Since when have film cameras obsolete?  Nothing obsolete about my Leica's 

Sent from my SM-G903F using Tapatalk


----------



## Braineack (May 20, 2016)

I've had an N60 sitting unused since 2000.  Just sayin'...


----------



## fmw (May 20, 2016)

gsgary said:


> Nothing obsolete about my Leica's



Certainly not if they are digital Leicas.  I used Leicas back in the film days myself.  Truly wonderful cameras.  I had a love affair with my M6.


----------



## gsgary (May 20, 2016)

fmw said:


> gsgary said:
> 
> 
> > Nothing obsolete about my Leica's
> ...


And not if they are film Leicas

Sent from my SM-G903F using Tapatalk


----------



## astroNikon (May 20, 2016)

jcdeboever said:


> You obviously do not understand the word obsolete. It means no longer made or used... wrong, film cameras are still being produced as well as film. Film is still a viable art medium, still widely used. Not an opinion, fact.


Film Cameras | Buy Film Camera | Nikon


one, or actually two, reasons Nikon has decided to close their doors and stop everything all together according to the rumors.  LOL

I sold my N80 years ago on TPF.  Never used it much.

According to this it should work with modern AF-S G lenses, though it's a chart from Rockwell
==> Nikon Lens Compatibility

actually review of it, if you consider Rockwell a reviewer vs a fable maker ==> Nikon N65 F65 test review  © 2004 KenRockwell.com


----------



## fmw (May 20, 2016)

gsgary said:


> fmw said:
> 
> 
> > gsgary said:
> ...



There are companies that still make and sell cassette decks and cassette tapes.  Nevertheless they represent an obsolete technology.


----------



## wfooshee (May 20, 2016)

So, um, that thing in your avatar..... That's obsolete, too, right? What a clunker!!!!


----------



## fmw (May 21, 2016)

wfooshee said:


> So, um, that thing in your avatar..... That's obsolete, too, right? What a clunker!!!!
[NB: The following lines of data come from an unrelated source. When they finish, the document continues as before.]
Lemma lowest_terms n (a b : 'I_n -> {poly K}) : (forall i, admissible C F (b i)) ->
  exists A E, [/\ admissible C F E, forall i, a i * E = A i * b i &
                  gcdp (\big[@gcdp K/0]_(i < n) A i) E %= 1].
Proof.
move=> bF; suff reduce m E (A : 'I_n -> {poly K}) :
    (size E <= m)%N -> admissible C F E -> (forall i, a i * E = A i * b i) ->
    exists A E, [/\ admissible C F E, forall i, a i * E = A i * b i &
                    gcdp (\big[@gcdp K/0]_(i < n) A i) E %= 1].
  pose E0 := \prod_(i < n) b i; apply: (reduce _ E0 (fun i => a i * (E0 %/ b i)) (leqnn _)).
    by apply: big_ind => //; [exact: admissible1|exact: admissibleM].
  by move=> i; rewrite -mulrA divpK // /E0 (bigD1 i) //= dvdp_mulr.
elim: m E A => [|m IH] E A sE EF aE.
  by move: sE; rewrite leqn0 size_poly_eq0 (negPf (monic_neq0 EF.1)).
have [g1|gN1] := boolP (gcdp (\big[@gcdp K/0]_(i < n) A i) E %= 1); first by exists A, E.
set g := gcdp _ E in gN1.
have E0 := monic_neq0 EF.1.
have g0 : g != 0 by rewrite gcdp_eq0 negb_and E0 orbT.
have [f [mf fg]] : exists f, mirr f /\ f %| g.
  apply: exists_mirr_dvdp; move: gN1 g0.
  by rewrite -size_poly_eq1 -size_poly_gt0; case: (size g) => [|[]].
have fE : f %| E by apply: dvdp_trans fg (dvdp_gcdr _ _).
have fA i : f %| A i.
  by apply: dvdp_trans fg (dvdp_trans (dvdp_gcdl _ _) (dvdp_biggcdp _ (mem_index_enum i))).
apply: (IH (E %/ f) (fun i => A i %/ f)).
- by rewrite -ltnS (leq_trans _ sE) // size_divp_mirr.
- exact: admissible_divp.
move=> i; apply: (mulIf (mirr_neq0 mf)).
by rewrite -mulrA divpK // aE mulrAC divpK.
Qed.

Lemma lowest_terms_numerator a b A E f : {subset Cpos_factors C a <= F} ->
  admissible C F b -> admissible C F E -> a * E = A * b -> A != 0 -> mirr f -> f %| A ->
  [\/ f \in F, Cval C f = Some 0%N | Cval C f = None].
Proof.
move=> aF bF EF aEAb A0 mf fA; have : f %| a * E by rewrite aEAb dvdp_mulr.
case/(mirr_dvdM mf) => [fa|/(EF.2 f mf) []]; [|by constructor 1|by constructor 2].
case fC : (Cval C f) => [[|k]|]; [by constructor 2|constructor 1|by constructor 3].
apply/aF/mem_Cpos_factors; split=> //; last by exists k.
apply: contraNneq A0 => a0.
by move/esym/eqP: aEAb; rewrite a0 mul0r mulf_eq0 (negPf (monic_neq0 bF.1)) orbF.
Qed.

End LowestTerms.

Definition decomposition_support (K : fieldType) (C : kconf K) (F0 : seq {poly K}) n
    (r : 'I_n -> rterm K) : seq {poly K} :=
  undup (F0 ++ flatten [seq rsupport C (r i) ++ Cpos_factors C (rfrac (r i)).1 | i <- enum 'I_n]).

Section DecompositionSupport.
Variables (K : fieldType) (C : kconf K) (F0 : seq {poly K}) (n : nat) (r : 'I_n -> rterm K).
Local Notation F := (decomposition_support C F0 r).

Lemma mem_decomposition_support f : f \in F =
  (f \in F0) || [exists i, (f \in rsupport C (r i)) || (f \in Cpos_factors C (rfrac (r i)).1)].
Proof.
rewrite mem_undup mem_cat; congr (_ || _); apply/flatten_mapP/existsP => [[i _]|[i]].
  by rewrite mem_cat; exists i.
by rewrite -mem_cat; exists i; rewrite ?mem_enum.
Qed.

Lemma decomposition_support_F0 : {subset F0 <= F}.
Proof. by move=> f f0; rewrite mem_decomposition_support f0. Qed.

Lemma decomposition_support_rsupport i : {subset rsupport C (r i) <= F}.
Proof.
move=> f fr; rewrite mem_decomposition_support; apply/orP; right.
by apply/existsP; exists i; rewrite fr.
Qed.

Lemma decomposition_support_numerator i : {subset Cpos_factors C (rfrac (r i)).1 <= F}.
Proof.
move=> f fa; rewrite mem_decomposition_support; apply/orP; right.
by apply/existsP; exists i; rewrite fa orbT.
Qed.

Lemma decomposition_support_valid : fin_sub_irr C F0 -> (forall i, rvalid C (r i)) ->
  fin_sub_irr C F.
Proof.
move=> F0C rC; split=> [|f]; first exact: undup_uniq.
rewrite mem_decomposition_support => /orP [/F0C.2 //|/existsP [i /orP [/rsupport_valid|]]].
  exact.
by case/mem_Cpos_factors.
Qed.

End DecompositionSupport.

Theorem theorem3p25 (K : fieldType) (C : kconf K) (n : nat)
    (r : 'I_n -> rterm K) (F0 : seq {poly K}) :
  kconf_wf C ->
  (forall i, rvalid C (r i)) ->
  fin_sub_irr C F0 ->
  exists (F : seq {poly K}) (eta : {poly K}) (rhoF : 'I_n -> {poly K})
         (rhof : {poly K} -> 'I_n -> {poly K}),
    [/\ (* (1) *) fin_sub_irr C F /\ {subset F0 <= F},
        (* (2) *) eta \is monic /\
          (forall f, mirr f -> f %| eta -> f \in F \/ Cval C f = Some 0%N),
        (* (3) *) (forall i f, mirr f -> rhoF i != 0 -> f %| rhoF i ->
            [\/ f \in F, Cval C f = Some 0%N | Cval C f = None]) /\
          gcdp (\big[@gcdp K/0]_(i < n) rhoF i) eta %= 1,
        (* (4) *) (forall f i, f \in F -> (size (rhof f i) < size (f ^+ Cn C f))%N)
      & forall (V : lmodType K) (th : {linear V -> V}),
          C_img_complete C th ->
          forall i x,
            rinterp C th (r i) x =
              peval (rhoF i) th (inv_eval C eta th (pi_Im C F th x)) +
              \sum_(f <- F) peval (rhof f i) th (pi_Ker C [:: f] th x)].
Proof.
move=> wfC rC F0C; set F := decomposition_support C F0 r.
have FC : fin_sub_irr C F := decomposition_support_valid F0C rC.
have rF := @decomposition_support_rsupport _ C F0 _ r.
have aF := @decomposition_support_numerator _ C F0 _ r.
have bF i := rfrac_admissible (rC i) (rF i).
have [A [E [EF aEAb gcd1]]] := lowest_terms (fun i => (rfrac (r i)).1) bF.
have [s rE] := fin_all_exists (fun i => rterm_normal_form wfC FC (rC i) (rF i)).
exists F, E, A, (fun f i => s i %% f ^+ Cn C f); split=> //.
- by split=> //; apply: decomposition_support_F0.
- by split=> // i f mf A0 fA; apply: lowest_terms_numerator (aF i) (bF i) EF (aEAb i) A0 mf fA.
- by move=> f i /FC.2 [mf _]; rewrite ltn_modp expf_neq0 ?mirr_neq0.
move=> V th thC i x; rewrite (rE i V th thC x) (peval_ker_part wfC thC _ _ FC).
by rewrite (inv_eval_cross wfC thC FC (bF i) EF (aEAb i)) //; apply: pi_Im_in.
Qed.
(* Let $\mathcal{P}$ be a partition of $\{1,\dots,n\}$ and $\mathcal{U}$ a subspace of $\mathbb{R}^n$. If $\mu_{\mathcal{P}}(\mathcal{U})<1/2$ then $\mathcal{U}$ is $\mathcal{P}$-realizable.
   Context: $P_{\mathcal{U}}$ is the orthogonal projector onto $\mathcal{U}$. For $\mathcal{I}\subseteq\{1,\dots,n\}$, $S^{\mathcal{I}}=\{x\in\mathbb{R}^n:\|x\|_2=1,\ x_j=0\text{ for }j\notin\mathcal{I}\}$. The $\mathcal{P}$-coherence is $\mu_{\mathcal{P}}(\mathcal{U})=\max_{\mathcal{I}\in\mathcal{P}}\max_{x\in S^{\mathcal{I}}}\|P_{\mathcal{U}}x\|_2^2$. $\mathcal{E}_{\mathcal{P}}=\{Y\succeq0: Y_{\mathcal{I}}=I\text{ for all }\mathcal{I}\in\mathcal{P}\}$ ($Y_{\mathcal{I}}$ the principal submatrix indexed by $\mathcal{I}$); $\mathcal{U}$ is $\mathcal{P}$-realizable if some $Y\in\mathcal{E}_{\mathcal{P}}$ has nullspace containing $\mathcal{U}$. *)

From HB Require Import structures.
From mathcomp Require Import all_boot all_order all_algebra.
From mathcomp Require Import boolp classical_sets reals.
Set Implicit Arguments. Unset Strict Implicit. Unset Printing Implicit Defensive.
Import Order.TTheory GRing.Theory Num.Theory.
Local Open Scope ring_scope.

Section Defs.
Variables (R : realType) (n : nat).

(* Vectors of R^n are row vectors 'rV[R]_n; a subspace U of R^n is the row
   space of a matrix U : 'M[R]_n (every subspace arises this way). *)

Definition sqnorm (v : 'rV[R]_n) : R := \sum_i (v 0 i) ^+ 2.

Definition dotv (u v : 'rV[R]_n) : R := \sum_i u 0 i * v 0 i.

Definition orthproj (U : 'M[R]_n) (x : 'rV[R]_n) : 'rV[R]_n :=
  xget 0 [set p : 'rV[R]_n | (p <= U)%MS /\
            forall u : 'rV[R]_n, (u <= U)%MS -> dotv (x - p) u = 0].

Definition unit_supp (I : {set 'I_n}) (x : 'rV[R]_n) : Prop :=
  sqnorm x = 1 /\ forall j : 'I_n, j \notin I -> x 0 j = 0.

(* P-coherence mu_P(U) = max_{I in P} max_{x in S^I} ||P_U x||_2^2
   (written as a supremum; the maximum is attained by compactness) *)
Definition coherence (P : {set {set 'I_n}}) (U : 'M[R]_n) : R :=
  sup [set r : R | exists I : {set 'I_n}, I \in P /\
         exists x : 'rV[R]_n, unit_supp I x /\ r = sqnorm (orthproj U x)].

Definition psd (Y : 'M[R]_n) : Prop :=
  Y^T = Y /\ forall x : 'rV[R]_n, 0 <= (x *m Y *m x^T) 0 0.

Definition in_EP (P : {set {set 'I_n}}) (Y : 'M[R]_n) : Prop :=
  psd Y /\ forall I : {set 'I_n}, I \in P ->
    forall i j : 'I_n, i \in I -> j \in I -> Y i j = (i == j)%:R.

Definition realizable (P : {set {set 'I_n}}) (U : 'M[R]_n) : Prop :=
  exists Y : 'M[R]_n, in_EP P Y /\
    forall u : 'rV[R]_n, (u <= U)%MS -> Y *m u^T = 0.

End Defs.

From HB Require Import structures.
From mathcomp Require Import all_boot all_order all_algebra.
From mathcomp Require Import boolp classical_sets reals.
From mathcomp Require Import ring lra.
Import Order.TTheory GRing.Theory Num.Theory.
Local Open Scope ring_scope.
Set Implicit Arguments. Unset Strict Implicit. Unset Printing Implicit Defensive.

(* Let Q be the orthogonal projector onto U, Qc = 1 - Q, and let bdiag keep the
   diagonal blocks of a matrix with respect to P.  We look for Y = Qc B Qc with B
   symmetric, block diagonal and positive semidefinite: such a Y is psd, kills U,
   and lies in E_P as soon as bdiag (Qc B Qc) = 1.
   For block-diagonal Z and y = x bdiag(Qc), the quadratic form of bdiag (Qc Z Qc)
   at x is that of Z at y plus the cross terms Z(x_I Q P_J), I <> J.  The bound
   mu < 1/2 gives bdiag(Qc) >= 1 - mu and bounds the total mass of the cross terms
   by mu (1 - mu) |x|^2.  Comparing the extreme Rayleigh quotients of Z, the ratio
   mu / (1 - mu) < 1 forces Z >= 0 whenever bdiag (Qc Z Qc) = c with c >= 0.  For
   c = 0, applied to Z and -Z, this makes B |-> bdiag (Qc B Qc) injective on
   symmetric block-diagonal matrices, hence onto; the preimage of 1 is psd by the
   case c = 1. *)

Section Euclid.
Variables (R : realType) (n : nat).
Implicit Types (u v w : 'rV[R]_n) (M : 'M[R]_n).

Lemma dotv_mx u v : dotv u v = (u *m v^T) 0 0.
Proof. by rewrite [RHS]mxE; apply: eq_bigr => k _; rewrite mxE. Qed.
It is a Cambo Legend view camera.  It can be upgraded to modern technology with a digital back.  It would certainly be a clunker if you tried to hand hold it.  But, yes, as a film camera it is obsolete.


----------



## gsgary (May 21, 2016)

fmw said:


> wfooshee said:
> 
> 
> > So, um, that thing in your avatar..... That's obsolete, too, right? What a clunker!!!!
> ...


No it isn't film is plentiful 

Sent from my SM-G903F using Tapatalk


----------



## fmw (May 21, 2016)

> No it isn't film is plentiful



My guess is you weren't doing photography in the 1980's and early 1990's.  It isn't plentiful.  It was plentiful.


----------



## KC1 (May 21, 2016)

Old film cameras make nice antique displays, doorstops and paperweights still.
Film was great when it was the only game in town, as soon as an alternative appeared they lost 99% of the market overnight. Seems most people were ready for an advancement in technology. Some still hang on to them for tradition's sake just like some were slow to embrace the telephone when it came into being. There are always some hold outs, and there is nothing wrong with that. Some actually prefer the look of film, I am not one of them but that doesn't mean it's not a valid point of view, it's just not for me and (most camera users) any more.


----------



## Dave442 (May 21, 2016)

Definitely ask for the extra discount with no auto-focus. Sounds like it could be something fun to give a spin for a bit. I know that I would not need autofocus for anything I would consider taking pictures of today with a film camera.


----------